The soundtrack of the film was composed by Devi Sri Prasad. The album features five songs, out of which three of them were released as singles. The first single "Bharat Ane Nenu" was released on 25 March 2018, at the occasion of Ram Navmi. The second single "I Don't Know" was launched on 1 April 2018. Farhan Akhtar lent his voice for the song "I Don't Know", which marked the first time he sang for a South Indian film. The third track "Vachaadayyo Swami", was released on 6 April 2018. The soundtrack was launched at the pre-release event which took place in the Lal Bahadur Shastri Stadium on 7 April 2018, with N. T. Rama Rao Jr. being the chief guest.

Track-List
| No. | Title | Artist(s) | Length |
|---|---|---|---|
| 1. | "Bharat Ane Nenu (The Song Of Bharat)" | David Simon | 05:15 |
| 2. | "I Don't Know" | Farhan Akhtar | 04:28 |
| 3. | "Vachaadayyo Saami" | Kailash Kher, Divya Kumar | 05:23 |
| 4. | "Ide Kalala Vunnadhe" | Andrea Jeremiah | 04:32 |
| 5. | "O Vasumathi" | Yazin Nizar, Rita | 05:11 |
| Total length: |  |  | 24:34 |

== Release ==
Bharat Ane Nenu was released theatrically on 20 April 2018, while the dubbed Tamil version titled Bharat Ennum Naan was released theatrically on 25 May 2018. It was later dubbed and released in Hindi as Dashing CM Bharath on 2 November 2018.

==Reception==

=== Critical reception ===

Hemanth Kumar of Firstpost wrote "Mahesh Babu, Koratala Siva deliver an intense political drama". Kumar also said, "He (Siva) has shown yet again that there's plenty of drama when a normal guy takes an uncommon path. Bharat might have become the messiah of the state in the story, but it's Mahesh Babu who leaves a long lasting impression in the end. Two big thumbs up for the film. It delivers more than what it promises" giving 4 stars out of 5. Priyanka Sundar of Hindustan Times gave the film 3 stars out of 5, saying "Mahesh Babu as CM ushers in a new era. Mahesh Babu has the best of what commercial cinema has to offer – a strong subject, a tight film and a role he can chew on."

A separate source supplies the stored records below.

(** The parts of a message: what can be extracted from it by projection and
    decryption; keys, MAC and hash arguments are not parts. *)
Inductive in_parts (s : Msg) : Msg -> Prop :=
| parts_refl : in_parts s s
| parts_pair_l : forall x y, in_parts s x -> in_parts s (MPair x y)
| parts_pair_r : forall x y, in_parts s y -> in_parts s (MPair x y)
| parts_enc : forall x y, in_parts s x -> in_parts s (MEnc x y).

Lemma derives_key_origin (x : Agent) (tau : Trace) (m : Msg) :
  derives x tau m -> forall a b, in_parts (key a b) m ->
  x = a \/ x = b \/ exists t m', In (t, Recv x m') tau /\ in_parts (key a b) m'.
Proof.
  induction 1; intros a' b' Hk; unfold key in *.
  all: solve [inversion Hk; subst; eauto 6 using in_parts].
Qed.

Lemma derives_hash_origin (x : Agent) (tau : Trace) (m : Msg) :
  derives x tau m -> forall p, subterm (MHash p) m ->
  (exists t m', In (t, Recv x m') tau /\ subterm (MHash p) m') \/ derives x tau p.
Proof.
  induction 1; intros q Hq.
  all: try solve [inversion Hq; subst; eauto using subterm].
  - exfalso; apply (hash_not_in_key q x b Hq).
  - exfalso; apply (hash_not_in_key q b x Hq).
Qed.

Definition nonce_of (a : Agent) (n : Msg) : Prop := exists i, n = MNonce a i.

Definition sent_before (tau : Trace) (p : nat) (m : Msg) : Prop :=
  exists q t y, (q < p)%nat /\ nth_error tau q = Some (t, Send y m).

(** What the verifier [V] has seen when it claims erasure for [P] with [r]. *)
Definition claim_justified (tau : Trace) (V P : Agent) (r : Msg) : Prop :=
  exists NP NV C i j ti tj,
    r = h4 (key V P) NP NV C /\ (i < j)%nat /\
    nth_error tau i = Some (ti, Send V C) /\ nth_error tau j = Some (tj, Recv V r) /\
    nonce_of V C /\ fresh C (firstn i tau).

Definition event_ok (tau : Trace) (p : nat) (e : Event) : Prop :=
  match e with
  | Send _ _ => True
  | Recv _ m => sent_before tau p m
  | Claim V _ msg => exists P r, msg = MPair (MAgent P) r /\ claim_justified tau V P r
  end.

Definition events_ok (tau : Trace) : Prop :=
  forall p t e, nth_error tau p = Some (t, e) -> event_ok tau p e.

Definition thread_ok (tau : Trace) (T : Thread) : Prop :=
  match T with
  | PWait P _ NP _ => nonce_of P NP
  | PAcc P _ NP NV _ =>
      nonce_of P NP /\
      exists idx t X, nth_error tau idx = Some (t, Recv P X) /\ subterm NV X
  | VWait _ _ _ _ _ => True
  | VChal V _ _ _ C _ pos =>
      exists i t, pos = S i /\ nth_error tau i = Some (t, Send V C) /\
                  nonce_of V C /\ fresh C (firstn i tau)
  end.
(* Closability fails at an infinite fibre: u_n = 1_{F_n}/|F_n| tends to 0 while
   L(γ) u_n = δ_β for all n. *)
Lemma closable_finite_fibre γ β : c β = c γ -> closable R d c mul τ γ ->
  finite_set (P γ β).
Proof.
move=> cb cl; apply: contrapT => /infinite_large_subsets [Fs HF].
have card_gt0 n : (0 < #|` Fs n|)%N by apply: leq_ltn_trans (HF n).2.
have card_neq0 n : (#|` Fs n|%:R : R) != 0 by rewrite pnatr_eq0 -lt0n.
pose t n : R[i] := (#|` Fs n|%:R)^-1.
have mt n : #|` Fs n|%:R * t n = 1 by rewrite mulfV // pnatr_eq0 -lt0n.
pose u n := indicator (Fs n) (t n).
have Lu n : L γ (u n) = delta R β.
  by rewrite (Lop_indicator _ (HF n).1) mt delta_indicator.
have l2u n : l2n2 (u n) = ((#|` Fs n|%:R)^-1)%:E.
  have := congr1 (@sqn R) (mt n); rewrite sqnM sqn_nat sqn1 => e.
  rewrite l2n2_indicator; congr EFin; apply: (mulfI (card_neq0 n)).
  by rewrite mulrA -expr2 e mulfV.
have u0 : l2n2 (u n) @[n --> \oo] --> 0%E.
  apply/fine_cvgP; split; first by apply: nearW => n; rewrite l2u.
  apply: (@squeeze_cvgr _ _ _ R (fun=> 0) harmonic); [|exact: cvg_cst|exact: cvg_harmonic].
  apply: nearW => n; rewrite /= l2u /= invr_ge0 ler0n /= lef_pV2 ?posrE ?ltr0n //.
  by rewrite ler_nat (HF n).2.
have Lu0 : l2n2 (fun i => L γ (u n) i - delta R β i) @[n --> \oo] --> 0%E.
  suff -> : (fun n => l2n2 (fun i => L γ (u n) i - delta R β i)) = (fun=> 0%E).
    exact: cvg_cst.
  by apply: funext => n; rewrite Lu /l2n2 esum1 // => i _; rewrite subrr sqn0.
have := cl u (delta R β) (fun n => findom_indicator _ (HF n).1) (l2sp_delta cb) u0 Lu0.
by move=> /(congr1 (fun h => h β)); rewrite /delta eqxx => /eqP; rewrite oner_eq0.
Qed.

Lemma Lop_support γ f a : is_semigroupoid d c mul -> L γ f a != 0 -> c a = c γ.
Proof.
case=> _ _ _ hc _ ne; have [//|nc] := pselect (c a = c γ).
move: ne; rewrite /Lop fsbig1 ?eqxx // => b [cb e].
by case: nc; rewrite -e hc.
Qed.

Suhas Yellapantula of The Times of India rated the 3.5 stars out of 5, mentioning "Bharat Ane Nenu gives you a lot to root for and provides a bang for your buck but lacks the finesse that makes for a good political thriller.". Sangeetha Devi Dundoo of The Hindu wrote, "This promise ticks the right boxes. Bharat Ane Nenu deserves a thumbs up for its well thought out plot and nuanced characters. Keeping us hooked to the narrative are Mahesh Babu, accompanied by Prakash Raj in another winsome and complex role, Rahul Ramakrishna, Rao Ramesh, Brahmaji and Kiara Advani among others. Kiara is impressive.".

===Box office===
Bharat Ane Nenu grossed ₹225 crore in its full theatrical run, including other versions like Tamil.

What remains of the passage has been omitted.